Low-cost brainwave sensors would take personality capture to the next level. If designers make these devises discrete or stylish enough, the average consumer could record a variety of unique brainwaves throughout their day and upload them to a personality capture website (like lifenaut) in realtime - like a much advanced Twitter.

These devices have a great potential to bring the power of biofeedback to the masses. If you can see your brainwaves in real time, you can over time, learn to have greater control of moving in and out of these mindstates. Like the art installation Simmer Down Sprinter, the user could learn, through biofeedback, to enter a state of relaxation. Over time, the individual could become fluent in moving from a state of anxiety into a state of relaxed awareness.

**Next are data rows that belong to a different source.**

(* Let $K$ be a circle of radius $1$ and centre $O$. Let $A,B\in K$ be such that the triangle $OAB$ is positively (counter-clockwise) oriented and $\eta=\angle BOA<1/5$. Let $K_A$ and $K_B$ be the circles obtained by rotating $K$ about the points $A$ and $B$ in the positive direction by the angles $\alpha$ and $\beta$ respectively, where $0<\alpha<3\beta/4$ and $\beta<\eta$. Then one of the intersection points of $K_A$ and $K_B$ lies inside $K$, and its distance from $A$ is less than $20\eta$.
   Context: The positive direction of rotation is counter-clockwise. *)

From Stdlib Require Import Reals Lra.
Open Scope R_scope.

Definition point := (R * R)%type.

Definition pdist (P Q : point) : R :=
  sqrt ((fst P - fst Q)^2 + (snd P - snd Q)^2).

Definition angle (P O Q : point) : R :=
  acos (((fst P - fst O) * (fst Q - fst O) + (snd P - snd O) * (snd Q - snd O))
        / (pdist P O * pdist Q O)).

Definition ccw (P Q S : point) : Prop :=
  (fst Q - fst P) * (snd S - snd P) - (snd Q - snd P) * (fst S - fst P) > 0.

Definition rotate (C : point) (t : R) (X : point) : point :=
  (fst C + cos t * (fst X - fst C) - sin t * (snd X - snd C),
   snd C + sin t * (fst X - fst C) + cos t * (snd X - snd C)).

(** In the orthonormal frame with origin O and first axis OA, one has
    A = (1, 0) and B = (cos eta, sin eta), and the rotated circles are the
    unit circles centred at (1 - cos alpha, - sin alpha) and at
    (cos eta - cos (eta + beta), sin eta - sin (eta + beta)).  Walk along
    K_A from A, through the point (1 - cos alpha + cos z, sin z - sin alpha)
    with z increasing from alpha: at z = alpha the point is A, which lies
    inside K_B, while at z = 10 eta it lies outside K_B (a half-angle
    product-to-sum expansion of the squared distance and Taylor bounds on
    sin).  By the intermediate value theorem some z in between gives a point
    of K_A on K_B; it lies inside K (for alpha < z < pi - alpha the arc of K_A
    leaving A goes into K) and its distance to A is the chord
    2 sin ((z - alpha) / 2) < z - alpha <= 10 eta. *)

From Stdlib Require Import Reals Lra Psatz.
Open Scope R_scope.

Lemma sin_ge_cubic x : 0 <= x -> x <= PI -> x - x ^ 3 / 6 <= sin x.
Proof.
  intros Hx0 HxPI. destruct (sin_bound x 0 Hx0 HxPI) as [Hlow _].
  unfold sin_approx, sin_term in Hlow; simpl in Hlow. lra.
Qed.

Lemma sin_sq_add_cos_sq x : sin x ^ 2 + cos x ^ 2 = 1.
Proof. pose proof (sin2_cos2 x) as H. unfold Rsqr in H. lra. Qed.

Lemma cos_sub_eq u v p : p = u - v -> cos p = cos u * cos v + sin u * sin v.
Proof. intros ->. apply cos_minus. Qed.

Lemma sin_mul_sin_eq u v p q :
  p = u - v -> q = u + v -> sin u * sin v = (cos p - cos q) / 2.
Proof. intros -> ->. rewrite cos_minus, cos_plus. field. Qed.

Lemma sin_mul_sin_eq_sym u v p q :
  p = v - u -> q = u + v -> sin u * sin v = (cos p - cos q) / 2.
Proof. intros -> ->. rewrite cos_minus, cos_plus. field. Qed.

Lemma cos_mul_cos_eq u v p q :
  p = u - v -> q = u + v -> cos u * cos v = (cos p + cos q) / 2.
Proof. intros -> ->. rewrite cos_minus, cos_plus. field. Qed.

(* In the frame where O = (0, 0) and A = (1, 0): the squared distance, minus 1,
   from the point of K_A in direction z to the centre of K_B. *)
Definition excess (alpha beta eta z : R) : R :=
  (1 - cos alpha + cos z - (cos eta - cos (eta + beta))) ^ 2
  + (sin z - sin alpha - (sin eta - sin (eta + beta))) ^ 2 - 1.

Lemma excess_half_angles a b e x :
  excess (2 * a) (2 * b) e (2 * x)
  = 4 * (sin b * sin b + sin b * sin (e - 2 * a + b)
         + 2 * cos x * (sin b * sin (x - e - b) - sin a * sin (x - a))).
Proof.
  unfold excess.
  set (Z := 2 * (2 - cos (2*b) + cos (e-2*a) - cos (e-2*a+2*b) + cos (2*x-2*b-e)
     + cos (e+2*b) - cos e - cos (2*x-e) - cos (2*x-2*a) - cos (2*a) + cos (2*x))).
  transitivity Z; unfold Z.
  - rewrite (cos_sub_eq (e+2*b) e (2*b)) by ring.
    rewrite (cos_sub_eq e (2*a) (e-2*a)) by ring.
    rewrite (cos_sub_eq (e+2*b) (2*a) (e-2*a+2*b)) by ring.
    rewrite (cos_sub_eq (2*x) (e+2*b) (2*x-2*b-e)) by ring.
    rewrite (cos_sub_eq (2*x) e (2*x-e)) by ring.
    rewrite (cos_sub_eq (2*x) (2*a) (2*x-2*a)) by ring.
    pose proof (sin_sq_add_cos_sq (2*a)). pose proof (sin_sq_add_cos_sq (2*x)).
    pose proof (sin_sq_add_cos_sq e). pose proof (sin_sq_add_cos_sq (e+2*b)).
    lra.
  - rewrite (sin_mul_sin_eq b b 0 (2*b)) by ring.
    rewrite (sin_mul_sin_eq_sym b (e-2*a+b) (e-2*a) (e-2*a+2*b)) by ring.
    rewrite (sin_mul_sin_eq_sym b (x-e-b) (x-e-2*b) (x-e)) by ring.
    rewrite (sin_mul_sin_eq_sym a (x-a) (x-2*a) x) by ring.
    assert (cos x * cos (x-e-2*b) = (cos (e+2*b) + cos (2*x-2*b-e)) / 2)
      by (apply cos_mul_cos_eq; ring).
    assert (cos x * cos (x-e) = (cos e + cos (2*x-e)) / 2)
      by (apply cos_mul_cos_eq; ring).
    assert (cos x * cos (x-2*a) = (cos (2*a) + cos (2*x-2*a)) / 2)
      by (apply cos_mul_cos_eq; ring).
    assert (cos x * cos x = (cos 0 + cos (2*x)) / 2)
      by (apply cos_mul_cos_eq; ring).
    rewrite cos_0 in *. nra.
Qed.

Lemma excess_at_alpha alpha b e :
  0 < b -> 0 < e -> e + b <= PI / 2 -> excess alpha (2 * b) e alpha < 0.
Proof.
  intros Hb He HebPI.
  replace (excess alpha (2 * b) e alpha) with (excess (2 * 0) (2 * b) e (2 * 0))
    by (unfold excess; replace (2 * 0) with 0 by ring; rewrite cos_0, sin_0; ring).
  rewrite excess_half_angles, sin_0, cos_0.
  replace (0 - e - b) with (- (e + b)) by ring.
  replace (e - 2 * 0 + b) with (e + b) by ring.
  rewrite sin_neg.
  pose proof PI2_1.
  assert (sin b < sin (e + b)) by (apply sin_increasing_1; lra).
  assert (0 < sin b) by (apply sin_gt_0; lra).
  nra.
Qed.

Lemma excess_far_bound_poly a b e :
  0 < a -> a < 3 * b / 4 -> 0 < b -> b < e / 2 -> e < 1 / 5 ->
  0 < 998/1000 * b * (998/1000 * b + (e - 2*a + b) * (1 - 375/1000 * e * e)
                      + 2 * (4*e - b) * (1 - 8 * e * e / 3))
      - 2 * a * (5*e - a).
Proof.
  intros.
  assert (He2 : e * e < 4/100) by nra.
  assert (Hcubic : (e - 2*a + b) * (375/1000 * e * e) + 2 * (4*e - b) * (8 * e * e / 3)
                   <= 88/100 * e).
  { assert (0 <= e - 2*a + b <= 3/2 * e) by lra.
    assert (0 <= 4*e - b <= 4 * e) by lra.
    assert ((e - 2*a + b) * (e * e) <= 3/2 * e * (4/100)) by nra.
    assert ((4*e - b) * (e * e) <= 4 * e * (4/100)) by nra.
    nra. }
  assert (0 < 998/1000 * b * (9*e - 2*a - 2/1000 * b - 88/100 * e) - 10*a*e + 2*a*a)
    by nra.
  nra.
Qed.

Lemma excess_half_angles_far_pos a b e :
  0 < a -> a < 3 * b / 4 -> 0 < b -> b < e / 2 -> e < 1 / 5 ->
  0 < sin b * sin b + sin b * sin (e - 2*a + b)
      + 2 * cos (5*e) * (sin b * sin (5*e - e - b) - sin a * sin (5*e - a)).
Proof.
  intros Ha Hab Hb Hbe He.
  pose proof PI2_3_2.
  assert (Hsb : 998/1000 * b <= sin b).
  { pose proof (sin_ge_cubic b ltac:(lra) ltac:(lra)). nra. }
  set (y2 := e - 2*a + b).
  assert (Hsy2 : y2 * (1 - 375/1000 * e * e) <= sin y2).
  { assert (0 <= y2 <= 3/2 * e) by (unfold y2; lra).
    pose proof (sin_ge_cubic y2 ltac:(lra) ltac:(lra)).
    assert (y2 * y2 <= 9/4 * e * e) by nra. nra. }
  replace (5*e - e - b) with (4*e - b) by ring.
  set (y1 := 4*e - b).
  assert (Hsy1 : y1 * (1 - 8 * e * e / 3) <= sin y1).
  { assert (0 <= y1 <= 4 * e) by (unfold y1; lra).
    pose proof (sin_ge_cubic y1 ltac:(lra) ltac:(lra)).
    assert (y1 * y1 <= 16 * e * e) by nra. nra. }
  assert (0 <= sin a <= a).
  { split; [apply sin_ge_0 | left; apply sin_lt_x]; lra. }
  assert (0 <= sin (5*e - a) <= 5*e - a).
  { split; [apply sin_ge_0 | left; apply sin_lt_x]; lra. }
  assert (0 <= cos (5*e) <= 1) by (split; [apply cos_ge_0 | apply COS_bound]; lra).
  pose proof (excess_far_bound_poly a b e Ha Hab Hb Hbe He) as Hpoly.
  fold y1 y2 in Hpoly.
  assert (0 < y1 * (1 - 8 * e * e / 3)) by (unfold y1; nra).
  assert (0 < y2 * (1 - 375/1000 * e * e)) by (unfold y2; nra).
  assert (sin a * sin (5*e - a) <= a * (5*e - a)) by nra.
  set (M := sin b * sin y1 - sin a * sin (5*e - a)).
  assert (0 < sin b * sin b + sin b * sin y2 + 2 * M).
  { assert (sin b * (sin b + sin y2 + 2 * sin y1) >=
            998/1000 * b * (998/1000 * b + y2 * (1 - 375/1000 * e * e)
                            + 2 * y1 * (1 - 8 * e * e / 3))).
    { apply Rle_ge, Rmult_le_compat; nra. }
    unfold M. nra. }
  (* As 0 <= cos (5 e) <= 1, the last term is at least min 0 (2 M). *)
  destruct (Rle_lt_dec 0 M); [assert (0 < sin y2) by nra |]; nra.
Qed.

Lemma excess_root alpha beta eta :
  0 < alpha -> alpha < 3 * beta / 4 -> beta < eta -> eta < 1 / 5 ->
  exists z, alpha < z <= 10 * eta /\ excess alpha beta eta z = 0.
Proof.
  intros Hal Hab Hbe He.
  set (a := alpha / 2). assert (Ea : alpha = 2 * a) by (unfold a; field).
  set (b := beta / 2). assert (Eb : beta = 2 * b) by (unfold b; field).
  clearbody a b. subst alpha beta.
  pose proof PI2_1.
  assert (Hneg : excess (2 * a) (2 * b) eta (2 * a) < 0)
    by (apply excess_at_alpha; lra).
  assert (Hpos : 0 < excess (2 * a) (2 * b) eta (2 * (5 * eta))).
  { rewrite excess_half_angles.
    apply Rmult_lt_0_compat; [lra |].
    apply excess_half_angles_far_pos; lra. }
  assert (Hcont : continuity (excess (2 * a) (2 * b) eta)) by (unfold excess; reg).
  destruct (IVT _ (2 * a) (2 * (5 * eta)) Hcont ltac:(lra) Hneg Hpos) as [z [Hz Hroot]].
  exists z. split; [| exact Hroot].
  destruct (Req_dec z (2 * a)) as [->|]; lra.
Qed.

Lemma K_A_point_in_unit_disc alpha z :
  0 < alpha < z -> z + alpha < PI ->
  (1 - cos alpha + cos z) ^ 2 + (sin z - sin alpha) ^ 2 < 1.
Proof.
  intros Hz HzPI.
  set (w := z / 2). assert (Ew : z = 2 * w) by (unfold w; field).
  set (a := alpha / 2). assert (Ea : alpha = 2 * a) by (unfold a; field).
  clearbody w a. subst z alpha.
  assert (0 < sin (w - a)) by (apply sin_gt_0; lra).
  assert (sin (w - a) < sin (w + a)) by (apply sin_increasing_1; lra).
  assert (cos (2*w) - cos (2*a) = -2 * (sin (w - a) * sin (w + a))).
  { rewrite (sin_mul_sin_eq_sym (w-a) (w+a) (2*a) (2*w)) by ring. lra. }
  assert (1 - cos (2*w - 2*a) = 2 * (sin (w - a) * sin (w - a))).
  { rewrite (sin_mul_sin_eq (w-a) (w-a) 0 (2*w - 2*a)) by ring. rewrite cos_0. lra. }
  rewrite (cos_sub_eq (2*w) (2*a) (2*w - 2*a)) in * by ring.
  pose proof (sin_sq_add_cos_sq (2*w)). pose proof (sin_sq_add_cos_sq (2*a)).
  nra.
Qed.

Lemma chord_lt_arc alpha z :
  alpha < z -> z - alpha < 2 * PI ->
  (cos z - cos alpha) ^ 2 + (sin z - sin alpha) ^ 2 < (z - alpha) ^ 2.
Proof.
  intros Hz HzPI.
  set (h := (z - alpha) / 2).
  assert (0 < h) by (unfold h; lra).
  assert (0 < sin h) by (apply sin_gt_0; unfold h; lra).
  assert (sin h < h) by (apply sin_lt_x; lra).
  assert (1 - cos (z - alpha) = 2 * (sin h * sin h)).
  { rewrite (sin_mul_sin_eq h h 0 (z - alpha)) by (unfold h; field).
    rewrite cos_0. lra. }
  rewrite (cos_sub_eq z alpha (z - alpha)) in * by ring.
  pose proof (sin_sq_add_cos_sq z). pose proof (sin_sq_add_cos_sq alpha).
  replace (z - alpha) with (2 * h) by (unfold h; field).
  nra.
Qed.

Definition frame (O : point) (u1 u2 p q : R) : point :=
  (fst O + p * u1 - q * u2, snd O + p * u2 + q * u1).

Lemma pdist_frame O u1 u2 p q p' q' :
  u1 ^ 2 + u2 ^ 2 = 1 ->
  pdist (frame O u1 u2 p q) (frame O u1 u2 p' q') = sqrt ((p - p') ^ 2 + (q - q') ^ 2).
Proof.
  intros Hu. unfold pdist, frame; simpl. f_equal.
  transitivity (((p - p') ^ 2 + (q - q') ^ 2) * (u1 ^ 2 + u2 ^ 2)); [ring |].
  rewrite Hu. ring.
Qed.

Lemma frame_origin O u1 u2 : frame O u1 u2 0 0 = O.
Proof. destruct O. unfold frame; simpl. f_equal; ring. Qed.

Lemma pdist_frame_origin O u1 u2 p q :
  u1 ^ 2 + u2 ^ 2 = 1 -> pdist (frame O u1 u2 p q) O = sqrt (p ^ 2 + q ^ 2).
Proof.
  intros Hu. rewrite <- (frame_origin O u1 u2) at 2.
  rewrite pdist_frame by exact Hu. f_equal. ring.
Qed.

Lemma rotate_frame O u1 u2 p q t p' q' :
  rotate (frame O u1 u2 p q) t (frame O u1 u2 p' q')
  = frame O u1 u2 (p + cos t * (p' - p) - sin t * (q' - q))
                  (q + sin t * (p' - p) + cos t * (q' - q)).
Proof. unfold rotate, frame; simpl. f_equal; ring. Qed.

Lemma rotate_origin_about_unit_point O u1 u2 th t :
  rotate (frame O u1 u2 (cos th) (sin th)) t O
  = frame O u1 u2 (cos th - cos (th + t)) (sin th - sin (th + t)).
Proof.
  rewrite <- (frame_origin O u1 u2) at 2.
  rewrite rotate_frame, cos_plus, sin_plus. f_equal; ring.
Qed.

Lemma sum_sq_nonneg x y : 0 <= x ^ 2 + y ^ 2.
Proof. apply Rplus_le_le_0_compat; apply pow2_ge_0. Qed.

Lemma pdist_eq1_sq P Q :
  pdist P Q = 1 -> (fst P - fst Q) ^ 2 + (snd P - snd Q) ^ 2 = 1.
Proof.
  unfold pdist. intros H.
  rewrite <- (sqrt_sqrt _ (sum_sq_nonneg _ _)), H. ring.
Qed.

Lemma acos_unit_pair c s :
  c ^ 2 + s ^ 2 = 1 -> 0 < s ->
  cos (acos c) = c /\ sin (acos c) = s /\ 0 < acos c.
Proof.
  intros Hcs Hs.
  assert (Hc : -1 <= c <= 1) by nra.
  assert (Hsin : sin (acos c) = s).
  { rewrite sin_acos by exact Hc.
    replace (1 - c²) with (s ^ 2) by (unfold Rsqr; lra). apply sqrt_pow2; lra. }
  split; [apply cos_acos, Hc | split; [exact Hsin |]].
  destruct (acos_bound c) as [Hge0 _].
  destruct (Req_dec (acos c) 0) as [E|]; [| lra].
  rewrite E, sin_0 in Hsin. lra.
Qed.

Lemma unit_ccw_frame O A B :
  pdist A O = 1 -> pdist B O = 1 -> ccw O A B ->
  exists u1 u2, u1 ^ 2 + u2 ^ 2 = 1 /\
    A = frame O u1 u2 1 0 /\
    B = frame O u1 u2 (cos (angle B O A)) (sin (angle B O A)) /\
    0 < angle B O A.
Proof.
  intros HA HB Hccw.
  set (u1 := fst A - fst O). set (u2 := snd A - snd O).
  set (v1 := fst B - fst O). set (v2 := snd B - snd O).
  pose proof (pdist_eq1_sq _ _ HA) as Hu. pose proof (pdist_eq1_sq _ _ HB) as Hv.
  fold u1 u2 in Hu. fold v1 v2 in Hv.
  set (c := v1 * u1 + v2 * u2). set (s := u1 * v2 - u2 * v1).
  assert (Hangle : angle B O A = acos c).
  { unfold angle. rewrite HA, HB. f_equal. unfold c, v1, v2, u1, u2. field. }
  assert (Hcs : c ^ 2 + s ^ 2 = 1).
  { transitivity ((u1 ^ 2 + u2 ^ 2) * (v1 ^ 2 + v2 ^ 2)); [unfold c, s; ring |].
    rewrite Hu, Hv. ring. }
  assert (Hs : 0 < s) by (unfold ccw in Hccw; unfold s, u1, u2, v1, v2; lra).
  destruct (acos_unit_pair c s Hcs Hs) as (Hcos & Hsin & Hpos).
  exists u1, u2. rewrite Hangle, Hcos, Hsin.
  split; [exact Hu | split; [| split; [| exact Hpos]]].
  - destruct A as [a1 a2]. unfold frame, u1, u2; simpl. f_equal; ring.
  - destruct B as [b1 b2]. unfold frame.
    transitivity (fst O + v1 * (u1 ^ 2 + u2 ^ 2), snd O + v2 * (u1 ^ 2 + u2 ^ 2)).
    + rewrite Hu. unfold v1, v2; simpl. f_equal; ring.
    + unfold c, s. f_equal; ring.
Qed.

Theorem lemma2 (O A B : point) (alpha beta : R) :
  pdist A O = 1 -> pdist B O = 1 ->
  ccw O A B ->
  angle B O A < 1/5 ->
  0 < alpha -> alpha < 3 * beta / 4 -> beta < angle B O A ->
  exists P : point,
    pdist P (rotate A alpha O) = 1 /\ pdist P (rotate B beta O) = 1 /\
    pdist P O < 1 /\ pdist P A < 20 * angle B O A.
Proof.
  intros HA HB Hccw Heta Hal Hab Hbe.
  destruct (unit_ccw_frame O A B HA HB Hccw) as (u1 & u2 & Hu & EA & EB & Heta0).
  set (eta := angle B O A) in *. clearbody eta. subst A B. clear HA HB Hccw.
  destruct (excess_root alpha beta eta) as (z & Hz & Hroot); try lra.
  pose proof PI2_3_2.
  exists (frame O u1 u2 (1 - cos alpha + cos z) (sin z - sin alpha)).
  replace (frame O u1 u2 1 0) with (frame O u1 u2 (cos 0) (sin 0))
    by now rewrite cos_0, sin_0.
  rewrite !rotate_origin_about_unit_point, !pdist_frame, pdist_frame_origin
    by exact Hu.
  rewrite Rplus_0_l, cos_0, sin_0.
  split; [| split; [| split]].
  - etransitivity; [| exact sqrt_1]. f_equal.
    pose proof (sin_sq_add_cos_sq z). lra.
  - etransitivity; [| exact sqrt_1]. f_equal. unfold excess in Hroot. lra.
  - apply (Rlt_le_trans _ (sqrt 1)); [| now rewrite sqrt_1].
    apply sqrt_lt_1_alt. split; [apply sum_sq_nonneg |].
    apply K_A_point_in_unit_disc; lra.
  - rewrite <- (sqrt_pow2 (20 * eta)) by lra.
    apply sqrt_lt_1_alt. split; [apply sum_sq_nonneg |].
    pose proof (chord_lt_arc alpha z ltac:(lra) ltac:(lra)).
    replace (1 - cos alpha + cos z - 1) with (cos z - cos alpha) by ring.
    replace (sin z - sin alpha - 0) with (sin z - sin alpha) by ring.
    nra.
Qed.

Wednesday, October 1, 2008

"Find me a story with an exciting chase scene and a happy ending."

















Google's take on Web 3.0:

"In coming years, computer processing, storage, and networking capabilities will continue up the steeply exponential curve they have followed for the past few decades. By 2019, parallel-processing computer clusters will be 50 to 100 times more powerful in most respects. Computer programs, more of them web-based, will evolve to take advantage of this newfound power, and Internet usage will also grow: more people online, doing more things, using more advanced and responsive applications. By any metric, the "cloud" of computational resources and online data and content will grow very rapidly for a long time.

As we're already seeing, people will interact with the cloud using a plethora of devices: PCs, mobile phones and PDAs, and games. But we'll also see a rush of new devices customized to particular applications, and more environmental sensors and actuators, all sending and receiving data via the cloud. The increasing number and diversity of interactions will not only direct more information to the cloud, they will also provide valuable information on how people and systems think and react.

Thus, computer systems will have greater opportunity to learn from the collective behavior of billions of humans. They will get smarter, gleaning relationships between objects, nuances, intentions, meanings, and other deep conceptual information. Today's Google search uses an early form of this approach, but in the future many more systems will be able to benefit from it.

What does this mean to Google? For starters, even better search. We could train our systems to discern not only the characters or place names in a YouTube video or a book, for example, but also to recognize the plot or the symbolism. The potential result would be a kind of conceptual search: "Find me a story with an exciting chase scene and a happy ending." As systems are allowed to learn from interactions at an individual level, they can provide results customized to an individual's situational needs: where they are located, what time of day it is, what they are doing. And translation and multi-modal systems will also be feasible, so people speaking one language can seamlessly interact with people and information in other languages."